Le pittoresque complexe architectural de la Laure de la Trinité-Saint-Serge (laure, terme désignant les plus grands et célèbres monastères où il était coutume, même pour les tsars, d’effectuer un pèlerinage à pied) qui s’intègre harmonieusement au relief environnant, se forma durant plusieurs siècles. Les bâtiments les plus anciens se rapportent à l’époque médiévale et les plus récents au XVIIIe siècle, comme le clocher. Sa haute silhouette aux formes baroques, malgré la grande diversité stylistique des autres édifices, ne détonne pas sur leur fond, mais bien au contraire s’avère un puissant accord dans l’ensemble architectural. Le panorama de la Laure est comme un symbole de la culture russe, très diverse mais en même temps homogène.

La Laure joua non seulement un important rôle spirituel et religieux, mais fut aussi le témoin de maints événements historiques. Le monastère est entouré d’une enceinte fortifiée élevée aux XVI-XVIIe siècles qui plus d’une fois démontra sa puissance. Au début du XVIIe siècle, durant les Temps troubles, elle résista durant six mois aux assauts de l’assaillant polono-lituanien. A la fin du XVIIe siècle, Pierre Ier y trouva deux fois refuge. Il s’y cacha en 1682 avec sa sœur Sophie et son frère Ivan lors de la révolte des Streltsy et en 1688 lors du complot fomenté par l’héritière du trône Sophie, fille aînée du tsar Alexis Mikhaïlovitch. Les onze tours de l’enceinte acquirent l’aspect que nous leur voyons au cours des XVIIe et XVIIIe siècles ce qui détermina leur décoration plus évoluée par rapport à celle, austère et fonctionnelle, qu’elles possédaient avant. Cela est particulièrement visible dans la construction et l’ornementation de la tour d’angle dite « du Canard » d’où, selon la légende, le jeune Pierre Ier aimait tirer à l’arc sur les canards volant vers l’étang voisin.

L’incontestable autorité de saint Serge de Radonège, son fondateur, assura au monastère, dès le milieu du XIVe siècle, un afflux constant de personnalités intellectuelles et artistiques désirant y travailler et de riches dons provenant de monarques, hauts dignitaires et familles aristocratiques. Dans les bourgs entourant Serguiev-Possad vivaient des paysans, des artisans travaillant l’étain et l’argent et maints autres maîtres œuvrant dans les domaines des arts appliqués. Grâce à eux, le musée de la Sacristie de la Laure et le musée d’Histoire et d’Art de Serguiev-Possad abritent des collections uniques de véritables trésors parmi lesquels se distinguent les pièces d’orfèvreries réalisées dans différentes techniques et surtout les ouvrages en tissus brodés. Ces chefs-d’œuvre de la « peinture à l’aiguille » sont exécutés avec tant de finesse que, selon Paul d’Alep qui visita la Russie au XVIIe siècle, on pourrait penser qu’ils sont minutieusement peints. Dès les premières années de son existence, le monastère devint un centre cultuel où l’on recopiait les livres saints, où travaillaient de talentueux littérateurs dont les plus illustres furent Epiphane le Sage et Maxime le Grec.

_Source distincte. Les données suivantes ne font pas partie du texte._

(* Every label of the shape $-\mid open\ n.T_1$ (with $n$ an ambient name and $T_1$ a pure process) of the mobile-ambient transition system $M_I$ is stable under $\sim^{BS}_M$: whenever $P\sim^{BS}_M Q$ and $P\xrightarrow{-|open\ n.T_1}_{M_I}P'$, there is $Q'$ with $Q\xrightarrow{-|open\ n.T_1}_{M_I}Q'$ and $P'\sim^{BS}_M Q'$.
   Context: Mobile ambients (finite, communication-free fragment). Pure processes $P::=\mathbf{0}\mid n[P]\mid M.P\mid(\nu n)P\mid P_1|P_2$, $M::=in\ n\mid out\ n\mid open\ n$. Structural congruence $\equiv$: least congruence with $|$ commutative, associative, unit $\mathbf{0}$; $(\nu n)(\nu m)P\equiv(\nu m)(\nu n)P$; $(\nu n)(P|Q)\equiv P|(\nu n)Q$ if $n\notin fn(P)$; $(\nu n)m[P]\equiv m[(\nu n)P]$ if $n\ne m$; $(\nu n)M.P\equiv M.(\nu n)P$ if $n\notin fn(M)$; $\alpha$-conversion. Reduction $\rightsquigarrow$: least relation closed under $\equiv$, $(\nu n)-$, $n[-]$, $-|R$, generated by $n[in\ m.P|Q]|m[R]\rightsquigarrow m[n[P|Q]|R]$, $m[n[out\ m.P|Q]|R]\rightsquigarrow n[P|Q]|m[R]$, $open\ n.P|n[Q]\rightsquigarrow P|Q$. Barb $P\downarrow_n$ iff $P\equiv(\nu A)(n[Q]|R)$ with $n\notin A$. Barbed saturated bisimilarity $\sim^{BS}_M$ is the largest symmetric relation $\mathcal{R}$ on pure processes such that if $P\,\mathcal{R}\,Q$ then for every (pure, unary) context $C[-]$ and name $n$: $C[P]\downarrow_n$ implies $C[Q]\downarrow_n$, and $C[P]\rightsquigarrow P'$ implies $C[Q]\rightsquigarrow Q'$ for some $Q'$ with $P'\,\mathcal{R}\,Q'$. In $M_I$, $P\xrightarrow{-|open\ n.T_1}_{M_I}P'$ holds iff $P\equiv(\nu A)(n[P_1]|P_2)$ with $n\notin A$ and $P'\equiv(\nu A)(P_1|T_1|P_2)$ (with $A$ $\alpha$-converted to avoid capturing free names of $T_1$); this is the instantiation of the rule (CoOpen) $P\xrightarrow{-|open\ n.X_1}(\nu A)(P_1|X_1|P_2)$ by substituting $T_1$ for the process variable $X_1$. *)

(* Finite, communication-free pure mobile ambients. *)
From Stdlib Require Import List Arith.
Import ListNotations.

Definition name := nat.

Inductive cap : Type :=
| CIn : name -> cap
| COut : name -> cap
| COpen : name -> cap.

Inductive proc : Type :=
| PNil : proc
| PAmb : name -> proc -> proc
| PAct : cap -> proc -> proc
| PRes : name -> proc -> proc
| PPar : proc -> proc -> proc.

Definition fn_cap (M : cap) : list name :=
  match M with CIn n | COut n | COpen n => [n] end.

Fixpoint fn (P : proc) : list name :=
  match P with
  | PNil => []
  | PAmb n P => n :: fn P
  | PAct M P => fn_cap M ++ fn P
  | PRes n P => remove Nat.eq_dec n (fn P)
  | PPar P Q => fn P ++ fn Q
  end.

(* name swapping (used for alpha-conversion, nominal style) *)
Definition swap_name (a b x : name) : name :=
  if Nat.eqb x a then b else if Nat.eqb x b then a else x.

Definition swap_cap (a b : name) (M : cap) : cap :=
  match M with
  | CIn n => CIn (swap_name a b n)
  | COut n => COut (swap_name a b n)
  | COpen n => COpen (swap_name a b n)
  end.
(* Let $\sigma:\mathbb{R}\to\mathbb{R}$ be either a continuous and strictly monotonic function or the ReLU function $\sigma(t)=\max\{t,0\}$. Let $F:\mathbb{R}^{d_{in}}\to\mathbb{R}^{d_{out}}$ be a neural network function with activation function $\sigma$ and width $\omega_F\le d_{in}$. Then for every $j\in\{1,\dots,d_{out}\}$, every non-empty connected component of the decision region $C_j$ of $F$ is unbounded.
   Context: A neural network function $F:\mathbb{R}^{d_{in}}\to\mathbb{R}^{d_{out}}$ with $L$ layers and activation $\sigma$ has the form $F=W_L\circ A_{L-1}\circ\dots\circ A_1$, where $A_j(x)=\sigma(W_jx+b_j)$ with $W_j\in\mathbb{R}^{d_j\times d_{j-1}}$, $b_j\in\mathbb{R}^{d_j}$, $d_0=d_{in}$, $d_L=d_{out}$, $W_L\in\mathbb{R}^{d_L\times d_{L-1}}$, and $\sigma$ is applied componentwise. The width of $F$ is $\omega_F=\max\{d_j:j=1,\dots,L\}$. Writing $F=(F_1,\dots,F_{d_{out}})$, the decision region of class $j$ is $C_j=\{x\in\mathbb{R}^{d_{in}}:F_j(x)>F_k(x)\text{ for all }k\neq j\}$. A set $C\subset\mathbb{R}^d$ is connected if there are no disjoint open sets $U,V\subset\mathbb{R}^d$ with $C\subset U\cup V$ and $C\cap U$, $C\cap V$ both non-empty; the connected components of an open set are its maximal connected subsets. *)

From HB Require Import structures.
From mathcomp Require Import all_boot all_order all_algebra.
From mathcomp Require Import all_classical all_reals all_analysis.
Set Implicit Arguments. Unset Strict Implicit. Unset Printing Implicit Defensive.
Import Order.TTheory GRing.Theory Num.Theory.
Import numFieldNormedType.Exports.
Local Open Scope ring_scope.
Local Open Scope classical_set_scope.

(* Vectors of R^d are column vectors 'cV[R]_d.
   - [Out W] : the final linear layer W_L : R^(d_{L-1}) -> R^(d_L) (no bias).
   - [Hidden W b N] : a hidden layer A(x) = sigma(W x + b), with W : k x m,
     followed by the rest of the network N : R^k -> R^n. *)
Inductive net (R : Type) : nat -> nat -> Type :=
| Out : forall m n : nat, 'M[R]_(n, m) -> net R m n
| Hidden : forall m k n : nat, 'M[R]_(k, m) -> 'cV[R]_k -> net R k n -> net R m n.

Fixpoint net_eval (R : pzRingType) (sigma : R -> R) (m n : nat) (N : net R m n)
  : 'cV[R]_m -> 'cV[R]_n :=
  match N in net _ m n return 'cV[R]_m -> 'cV[R]_n with
  | Out _ _ W => fun x => W *m x
  | Hidden _ _ _ W b N' => fun x => net_eval sigma N' (map_mx sigma (W *m x + b))
  end.

Fixpoint net_width (R : Type) (m n : nat) (N : net R m n) : nat :=
  match N with
  | Out _ n _ => n
  | Hidden _ k _ _ _ N' => maxn k (net_width N')
  end.

Definition decision_region (R : numDomainType) (din dout : nat)
  (F : 'cV[R]_din -> 'cV[R]_dout) (j : 'I_dout) : set 'cV[R]_din :=
  [set x | forall k : 'I_dout, k != j -> F x k ord0 < F x j ord0].

Definition relu (R : realDomainType) (t : R) : R := Num.max t 0.

(* Write the network as its final linear layer after the map Psi computed by
   the hidden layers, and follow Psi layer by layer.  Either every component
   of a preimage Psi^-1(V) of an open set V is unbounded, or Psi preserves
   bounded components (a bounded component of Psi^-1(V) through x forces the
   component of V through Psi x to be bounded) and its codomain has dimension
   at least d_in.  A layer sigma(W y + b) of width <= d_in keeps this
   dichotomy: if W has a kernel, the layer is constant along a line, so its
   preimage components contain rays; otherwise W is square and invertible,
   and the layer preserves bounded components because it maps them onto open
   sets (by the intermediate value theorem for strictly monotone sigma; for
   ReLU because a bounded component lies in the open positive orthant, where
   ReLU is the identity).  At the output, the decision region of a linear map
   is an open cone, so its component through a point contains a ray. *)

From HB Require Import structures.
From mathcomp Require Import all_boot all_order all_algebra.
From mathcomp Require Import all_classical all_reals all_analysis.
From mathcomp Require Import lra.
Set Implicit Arguments.
Unset Strict Implicit.
Unset Printing Implicit Defensive.
Import Order.TTheory GRing.Theory Num.Theory.
Import numFieldNormedType.Exports.
Local Open Scope ring_scope.
Local Open Scope classical_set_scope.

Section normed_space.
Variables (R : realType) (V : normedModType R).
Implicit Types (A B : set V) (x v : V).

Lemma bounded_setP A : bounded_set A <-> exists M, forall y, A y -> `|y| <= M.
Proof.
split => [[M [_ AM]]|[M AM]].
  by exists (M + 1) => y Ay; apply: AM; rewrite ?ltrDl.
exists M; split; first exact: num_real.
by move=> N /ltW MN y Ay; exact: le_trans (AM y Ay) MN.
Qed.

Lemma bounded_setS A B : A `<=` B -> bounded_set B -> bounded_set A.
Proof.
by move=> AB /bounded_setP[M BM]; apply/bounded_setP; exists M => y /AB/BM.
Qed.

Lemma bounded_closure A : bounded_set A -> bounded_set (closure A).
Proof.
move=> /bounded_setP[M AM]; apply/bounded_setP; exists M.
have closed_ball : closed [set y : V | `|y| <= M].
  exact: (preimage_closed (fun y _ => @norm_continuous _ V y) (@closed_le _ M)).
suff : closure A `<=` [set y : V | `|y| <= M] by move=> clAM y /clAM.
by rewrite [X in _ `<=` X](closure_id _).1 //; exact: closureS.
Qed.

Definition ray x v : set V := [set x + t *: v | t in `[0, +oo[].

Lemma ray_connected x v : connected (ray x v).
Proof.
apply: connected_continuous_connected.
  exact/connected_intervalP/interval_is_interval.
apply: continuous_subspaceT => t; apply: cvgD; first exact: cvg_cst.
exact: (@continuousZr_tmp _ _ _ id).
Qed.

Lemma ray_unbounded x v : v != 0 -> ~ bounded_set (ray x v).
Proof.
move=> v0 /bounded_setP[M rayM].
have v_gt0 : 0 < `|v| by rewrite normr_gt0.
pose t := (M + `|x| + 1) / `|v|.
have x_le : `|x| <= M.
  by apply: rayM; exists 0; rewrite ?scale0r ?addr0 //= in_itv /= lexx.
have t_ge0 : 0 <= t by rewrite divr_ge0 //; have := normr_ge0 x; lra.
have tv : `|t *: v| = M + `|x| + 1 by rewrite normrZ ger0_norm // divfK ?gt_eqF.
have : `|t *: v| <= `|x + t *: v| + `|x|.
  by rewrite -{1}(addKr x (t *: v)) (le_trans (ler_normD _ _)) // normrN addrC.
have : `|x + t *: v| <= M by apply: rayM; exists t; rewrite //= in_itv /= t_ge0.
rewrite tv; lra.
Qed.

Lemma connected_component_ray_unbounded A x v : v != 0 -> ray x v `<=` A ->
  ~ bounded_set (connected_component A x).
Proof.
move=> v0 rayA bA; apply: (@ray_unbounded x v v0); apply: bounded_setS bA.
apply: connected_component_max => //; last exact: ray_connected.
by exists 0; rewrite ?scale0r ?addr0 //= in_itv /= lexx.
Qed.

Lemma ball_connected x e : connected (ball x e).
Proof.
pose segment y := [set x + t *: (y - x) | t in `[0, 1]].
have -> : ball x e = \bigcup_(y in ball x e) segment y.
  apply/seteqP; split => [y xey|_ [y xey [t t01 <-]]].
    exists y => //; exists 1; first by rewrite /= in_itv /= ler01 lexx.
    by rewrite scale1r addrC subrK.
  move: xey t01; rewrite -!ball_normE /= in_itv /= => xey /andP[t0 t1].
  rewrite opprD addrA subrr sub0r normrN normrZ ger0_norm //.
  by rewrite (le_lt_trans _ xey) // -normrN opprB ler_piMl.
apply: bigcup_connected => [|y _].
  by exists x => y _; exists 0; rewrite ?scale0r ?addr0 //= in_itv /= lexx ler01.
apply: connected_continuous_connected; first exact: segment_connected.
apply: continuous_subspaceT => t; apply: cvgD; first exact: cvg_cst.
exact: (@continuousZr_tmp _ _ _ id).
Qed.

Lemma open_connected_component A x : open A -> open (connected_component A x).
Proof.
move=> oA; rewrite openE => y Axy; rewrite /interior.
have /nbhs_ballP[e e0 yeA] : nbhs y A.
  exact/open_nbhs_nbhs/(conj oA)/(connected_component_sub Axy).
apply/nbhs_ballP; exists e => // z yez.
rewrite (same_connected_component Axy).
apply: connected_component_max yez => //; first exact: ballxx.
exact: ball_connected.
Qed.

Lemma connected_component_closure A x q : open A -> A q ->
  closure (connected_component A x) q -> connected_component A x q.
Proof.
move=> oA Aq /(_ (connected_component A q)).
have Aqq : connected_component A q q by exact: connected_component_refl.
case=> [|z [Axz Aqz]].
  by apply: open_nbhs_nbhs; split => //; exact: open_connected_component.
rewrite (same_connected_component Axz).
by rewrite -(same_connected_component Aqz); exact: connected_component_refl.
Qed.

End normed_space.

Section matrix_topology.
Variable R : realType.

Serguiev-Possad possède un grand nombre de monuments remarquables situés hors les murs de la Laure comme la chapelle du puit, dite de Piatnitski (de sainte Parascève Piatnitsa), édifice unique construit à la charnière des XVIIe et XVIIIe siècles, qui reflète les traits typiques du « baroque moscovite » : expressivité des éléments complexes et rapports harmonieux des volumes. Cette chapelle se trouve au bas de la butte sur laquelle se dresse le monastère et rencontre les pèlerins venant de Moscou qui puisent ici une eau miraculeuse.

Cependant les plus intéressants édifices qui déterminent l’aspect de Serguiev-Possad s’élèvent dans son cœur, la Laure. La dominante de l’ensemble du monastère est le clocher, dominante de la ville aussi car il se voit même hors de ses frontières. Il se dresse à plus de 80 mètres et sa svelte silhouette donne l’impression d’une extrême légèreté, chose rare pour un édifice baroque du milieu du XVIIIe siècle. Ceci est dû à la conservation des mêmes proportions des baies sur tous les étages qui se superposent en s’amincissant en hauteur.

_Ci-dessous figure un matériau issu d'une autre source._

(* Laplace expansion along the top and bottom halves of the rows: the columns
   Y meet the top rows, the columns S :\: Y the bottom ones. *)
Lemma perm_cols_rec p (J : finType) (w : J -> 'I_(2 ^ p.+1)) (S : {set J}) :
  perm_cols w S = \sum_(Y : {set J} | Y \subset S) laplace_term w S Y.
Proof.
rewrite /perm_cols.
rewrite (reindex (fun ab : {ffun 'I_(2 ^ p) -> J} * {ffun 'I_(2 ^ p) -> J} =>
                    glue ab.1 ab.2)) /=; last first.
  exists (fun s : {ffun 'I_(2 ^ p.+1) -> J} =>
            ([ffun i => s (ord_top i)], [ffun i => s (ord_bot i)])) => [[a b] _ | s _] /=.
    by congr pair; apply/ffunP => i; rewrite ffunE ?glue_top ?glue_bot.
  by apply/ffunP => x; rewrite ffunE [in RHS](ord_splitK x); case: (in_bot x); rewrite ffunE.
under eq_bigl => ab do rewrite glue_onto.
rewrite -(pair_big_dep (fun a : {ffun 'I_(2 ^ p) -> J} => injectiveb a && (img a \subset S))
          (fun a b : {ffun 'I_(2 ^ p) -> J} => injectiveb b && (img b == S :\: img a))
          (fun a b => \prod_x H p.+1 x (w (glue a b x)))).
rewrite (partition_big (fun a : {ffun 'I_(2 ^ p) -> J} => img a) (fun Y => Y \subset S));
  last by move=> a /andP [].
apply: eq_bigr => Y sYS; rewrite /laplace_term -mulrA big_distrl big_distrr.
apply: eq_big => [a | a /andP [inj_a /eqP img_a]].
  by case: (img a =P Y) => [->|_]; rewrite ?sYS ?andbF ?andbT.
rewrite [RHS]/= mulrCA !big_distrr [RHS]/=.
apply: eq_big => [b | b /andP [/injectiveP inj_b /eqP img_b]]; first by rewrite img_a.
by rewrite prod_sylvester_glue // img_b img_a mulrCA.
Qed.

Lemma perm_cols_card p (J : finType) (w : J -> 'I_(2 ^ p)) (X : {set J}) :
  #|X| != (2 ^ p)%N -> perm_cols w X = 0.
Proof.
move=> cardX; rewrite /perm_cols big_pred0 // => s.
apply/negP => /andP [/injectiveP inj_s /eqP img_s].
by move: cardX; rewrite -img_s /img card_imset // card_ord eqxx.
Qed.

Lemma perm_cols_single (J : finType) (w : J -> 'I_(2 ^ 0)) (X : {set J}) :
  #|X| = 1%N -> perm_cols w X = 1.
Proof.
move=> /eqP /cards1P [j0 ->]; rewrite /perm_cols (big_pred1 [ffun=> j0]); last first.
  move=> s; apply/andP/eqP => [[_ /eqP img_s] | ->].
    by apply/ffunP => i; rewrite ffunE; apply/set1P; rewrite -img_s imset_f.
  split; first by apply/injectiveP => i j _; rewrite (ord1 i) (ord1 j).
  apply/eqP/setP => y; rewrite in_set1; apply/imsetP/eqP => [[i _ ->] | ->].
    by rewrite ffunE.
  by exists ord0; rewrite ?ffunE.
by apply: big1 => i _; rewrite sylvester0.
Qed.

Lemma permanent_sylvester p :
  permanent (H p) = perm_cols (fun j : 'I_(2 ^ p) => j) [set: 'I_(2 ^ p)].
Proof.
rewrite /perm_cols /permanent (reindex_onto (fun s : 'S_(2 ^ p) => pval s)
  (fun f => insubd (1%g : 'S_(2 ^ p)) f)) => [|f /andP [inj_f _]]; last first.
  by rewrite insubdK.
symmetry; apply: eq_big => [s | s _].
  rewrite valKd eqxx andbT (valP s) /=.
  rewrite eqEcard subsetT cardsT /img card_imset ?card_ord ?leqnn //.
  by move=> i j; rewrite pvalE => /perm_inj.
by apply: eq_bigr => i _; rewrite pvalE.
Qed.

(** * Characters and the zero-XOR condition *)

Definition col_char p (J : finType) (w : J -> 'I_(2 ^ p)) (X : {set J})
    (c : 'I_(2 ^ p)) : int :=
  \prod_(j in X) H p c (w j).

(* As H i j = (-1)^<i, j> on binary digits, this says that the labels w j,
   j in X, have zero XOR. *)
Definition zero_xor p (J : finType) (w : J -> 'I_(2 ^ p)) (X : {set J}) : bool :=
  [forall c, col_char w X c == 1].

Section Characters.

Variables (p : nat) (J : finType).
Implicit Types X Y : {set J}.

Lemma is_sign_bot_sign (w : J -> 'I_(2 ^ p.+1)) X : is_sign (bot_sign w X).
Proof. by apply: is_sign_prod => j _; apply: is_sign_signr. Qed.

Lemma col_char_setD (w : J -> 'I_(2 ^ p)) X Y c : Y \subset X ->
  col_char w X c = col_char w Y c * col_char w (X :\: Y) c.
Proof. by move=> sYX; rewrite /col_char (big_setID Y) /= (setIidPr sYX). Qed.

Lemma bot_sign_setD (w : J -> 'I_(2 ^ p.+1)) X Y : Y \subset X ->
  bot_sign w X = bot_sign w Y * bot_sign w (X :\: Y).
Proof. by move=> sYX; rewrite /bot_sign (big_setID Y) /= (setIidPr sYX). Qed.

Lemma zero_xor_setD (w : J -> 'I_(2 ^ p)) X Y : Y \subset X -> zero_xor w X ->
  zero_xor w (X :\: Y) = zero_xor w Y.
Proof.
move=> sYX /forallP zX; apply/forallP/forallP => zY c; apply/eqP;
  have /eqP := zX c; rewrite (col_char_setD _ _ sYX); move/eqP: (zY c) => ->.
  by rewrite mulr1.
by rewrite mul1r.
Qed.

Lemma zero_xor_compl (w : J -> 'I_(2 ^ p)) X Y : Y \subset X ->
  zero_xor w Y -> zero_xor w (X :\: Y) -> zero_xor w X.
Proof.
move=> sYX /forallP zY /forallP zXY; apply/forallP => c.
by rewrite (col_char_setD _ _ sYX) (eqP (zY c)) (eqP (zXY c)) mulr1.
Qed.

Lemma bot_sign_compl (w : J -> 'I_(2 ^ p.+1)) X Y : Y \subset X ->
  bot_sign w Y = bot_sign w (X :\: Y) * bot_sign w X.
Proof.
by move=> sYX; rewrite (bot_sign_setD _ sYX) mulrCA is_sign_sqr ?is_sign_bot_sign ?mulr1.
Qed.

Variable w : J -> 'I_(2 ^ p.+1).
Let u j := ord_low (w j).

Lemma col_char_top X c : col_char w X (ord_top c) = col_char u X c.
Proof. by apply: eq_bigr => j _; rewrite sylvester_top. Qed.

Lemma col_char_bot X c : col_char w X (ord_bot c) = bot_sign w X * col_char u X c.
Proof.
by rewrite /col_char /bot_sign -big_split; apply: eq_bigr => j _; rewrite sylvester_bot.
Qed.

Lemma zero_xor_rec X : zero_xor w X = zero_xor u X && (bot_sign w X == 1).
Proof.
apply/forallP/andP => [zX | [/forallP zX /eqP sgX] x].
  have zuX c : col_char u X c = 1 by have /eqP := zX (ord_top c); rewrite col_char_top.
  split; first by apply/forallP => c; rewrite zuX.
  have c0 : 'I_(2 ^ p) by exists 0%N; rewrite expn_gt0.
  by have /eqP := zX (ord_bot c0); rewrite col_char_bot zuX mulr1 => ->.
by rewrite [x]ord_splitK; case: (in_bot x); rewrite ?col_char_top ?col_char_bot ?sgX ?mul1r.
Qed.

End Characters.

(* Orthogonality of the characters c |-> H c j of (Z/2)^p. *)
Lemma sum_col_char p (J : finType) (w : J -> 'I_(2 ^ p)) (X : {set J}) :
  \sum_c col_char w X c = if zero_xor w X then (2 ^ p)%:R else 0.
Proof.
elim: p w => [|p IH] w.
  have char1 c : col_char w X c = 1 by apply: big1 => j _; rewrite sylvester0.
  have -> : zero_xor w X by apply/forallP => c; rewrite char1.
  by rewrite (eq_bigr (fun _ => 1)) // sumr_const card_ord.
rewrite big_ord_halves /=.
under eq_bigr => c _ do rewrite col_char_top.
under [X in _ + X]eq_bigr => c _ do rewrite col_char_bot.
rewrite -big_distrr /= IH zero_xor_rec.
case: (zero_xor _ X); last by rewrite mulr0 addr0.
case/orP: (is_sign_bot_sign w X) => /eqP ->; last by rewrite mulN1r subrr.
by rewrite eqxx mul1r expnS mulnC natrM mulr2n mulrDr mulr1.
Qed.

Lemma laplace_term_compl p (J : finType) (w : J -> 'I_(2 ^ p.+1)) (S Y : {set J}) :
  Y \subset S -> laplace_term w S (S :\: Y) = bot_sign w S * laplace_term w S Y.
Proof.
by move=> sYS; rewrite /laplace_term setDDK // (bot_sign_compl _ sYS); ring.
Qed.

Lemma perm_cols_eq0 p (J : finType) (w : J -> 'I_(2 ^ p)) (S : {set J}) :
  ~~ zero_xor w S -> perm_cols w S = 0.
Proof.
elim: p w S => [|p IH] w S nzS.
  by case/negP: nzS; apply/forallP => c; rewrite /col_char big1 // => j _; rewrite sylvester0.
rewrite perm_cols_rec; set u := fun j => ord_low (w j).
case zuS : (zero_xor u S); last first.
  apply: big1 => Y sYS; rewrite /laplace_term -/u.
  case: (boolP (zero_xor u Y)) => [zY | /IH ->]; last by rewrite mulr0 mul0r.
  case: (boolP (zero_xor u (S :\: Y))) => [zY' | /IH ->]; last by rewrite mulr0.
  by rewrite (zero_xor_compl sYS zY zY') in zuS.
have sgS : bot_sign w S = -1.
  move: nzS; rewrite zero_xor_rec zuS /=.
  by case/orP: (is_sign_bot_sign w S) => /eqP ->.
set T := \sum_(Y | _) _; have : T = - T.
  rewrite /T {1}sum_subset_compl -sumrN; apply: eq_bigr => Y sYS.
  by rewrite laplace_term_compl // sgS mulN1r.
by lia.
Qed.

Definition zero_xor_half p (J : finType) (u : J -> 'I_(2 ^ p)) (Y : {set J}) : bool :=
  (#|Y| == 2 ^ p)%N && zero_xor u Y.

Section HalfCount.

Variables (p : nat) (J : finType) (u : J -> 'I_(2 ^ p)) (S : {set J}).
Hypotheses (cardS : #|S| = (2 * 2 ^ p)%N) (zS : zero_xor u S).

(* Counting the halves with zero XOR by summing the characters c |-> H c j
   over all c turns the count into elementary symmetric functions of signs. *)
Lemma count_zero_xor_halves :
  ((4 : int) %| \sum_(Y : {set J} | Y \subset S) (if zero_xor_half u Y then 1 else 0)
                - ('C(2 * 2 ^ p, 2 ^ p))%:R)%Z.
Proof.
set N := \sum_(Y | _) _.
have char_sum : 2 ^+ p * N = \sum_c \sum_(Y : {set J} | (Y \subset S) && (#|Y| == 2 ^ p)%N)
                                   col_char u Y c.
  rewrite exchange_big /= /N (bigID (fun Y : {set J} => (#|Y| == 2 ^ p)%N)) /=.
  rewrite [X in _ + X]big1 ?addr0 => [|Y /andP [_ /negbTE]]; last first.
    by rewrite /zero_xor_half => ->.
  rewrite mulr_sumr; apply: eq_bigr => Y /andP [_ /eqP cardY].
  rewrite sum_col_char /zero_xor_half cardY eqxx /=.
  by case: (zero_xor u Y); rewrite ?mulr1 ?mulr0 ?natrX.
have : ((2 ^+ p.+2 : int) %| 2 ^+ p * (N - ('C(2 * 2 ^ p, 2 ^ p))%:R))%Z.
  have const_sum : 2 ^+ p * ('C(2 * 2 ^ p, 2 ^ p))%:R =
            \sum_(c : 'I_(2 ^ p)) ('C(2 * 2 ^ p, 2 ^ p))%:R :> int.
    by rewrite sumr_const card_ord -[RHS]mulr_natl natrX.
  rewrite mulrBr char_sum const_sum -sumrB.
  apply: rpred_sum => c _; apply: sum_prod_halves_signs => //.
  - by move=> j _; apply: is_sign_sylvester.
  - by move/forallP: zS => /(_ c) /eqP.
by rewrite exprSr exprSr -mulrA dvdz_mul2l // expf_neq0.
Qed.

Lemma odd_count_zero_xor_halves j0 : j0 \in S ->
  exists r : int, \sum_(Y : {set J} | (Y \subset S) && (j0 \in Y))
      (if zero_xor_half u Y then 1 else 0) = 2 * r + 1.
Proof.
move=> j0S.
have half_compl (Y : {set J}) : Y \subset S ->
    (if zero_xor_half u (S :\: Y) then 1 else 0 : int) = if zero_xor_half u Y then 1 else 0.
  move=> sYS; have := subset_leq_card sYS; rewrite cardS => leYS.
  rewrite /zero_xor_half zero_xor_setD // cardsDS // cardS.
  by rewrite (_ : (2 * 2 ^ p - #|Y| == 2 ^ p) = (#|Y| == 2 ^ p))%N //; apply/eqP/eqP; lia.
have := count_zero_xor_halves; rewrite (sum_subset_pair j0S half_compl).
set M := \sum_(Y | _) _; have [c odd_c ->] := bin_central_pow2 p.
rewrite (_ : M *+ 2 - (2 * c)%:R = 2 * (M - c%:R)); last by rewrite natrM mulr2n; ring.
rewrite (_ : (4 : int) = 2 * 2) // dvdz_mul2l // => /dvdzP [q eq_q].
exists (q + (c./2)%:R).
have ec : c = (2 * c./2).+1 by rewrite -{1}(odd_double_half c) odd_c mul2n add1n.
by move: (c./2) ec eq_q => h -> eq_q; lia.
Qed.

La Laure s’édifia au cours de plusieurs siècles. Sous Serge, le monastère était en bois, selon certains documents, la seule construction en pierre était une cathédrale placée sous le vocable de la Trinité qui ne s’est pas conservée. Le plus grand ensemble était la cathédrale de la Dormition dédiée à la Vierge dont le culte était particulièrement vénéré en Russie. Le bâtiment répète dans ses proportions générales celui de la cathédrale de la Dormition du kremlin de Moscou, église principale de l’Orthodoxie et qui s’avère à son tour une copie de la vieille et vénérable cathédrale de la Dormition de la ville de Vladimir. L’extérieur de la cathédrale se distingue par ses puissantes façades au décor retenu strictement divisées par des pilastres. Au milieu du XVIIIe siècle, elle fut dotée de cinq coupoles en forme de bulbe. Celle du centre, placée sur un haut tambour, fut entièrement dorée, les quatre autres angulaires, un peu plus basses, furent décorées d’étoiles dorées en relief réparties sur le fond bleu foncé des coupoles. Les éclatantes fresques de l’intérieur rappellent par leur style celles de Yaroslavl. La somptueuse iconostase, haute et à plusieurs registres, date de la fin du XVIIe siècle. Près du coin nord-est de la cathédrale sont enterrés les Godounov. Le cercueil de Boris Godounov, sur ordre de l’imposteur Dimitri, fut enlevé de la sépulture des tsars de la cathédrale de l’Archange-Saint-Michel du kremlin de Moscou et remis à un monastère des environs. Par la suite, il fut transféré à la Laure de la Trinité-Saint-Serge dont Godouvov était le protecteur et le munificent donateur.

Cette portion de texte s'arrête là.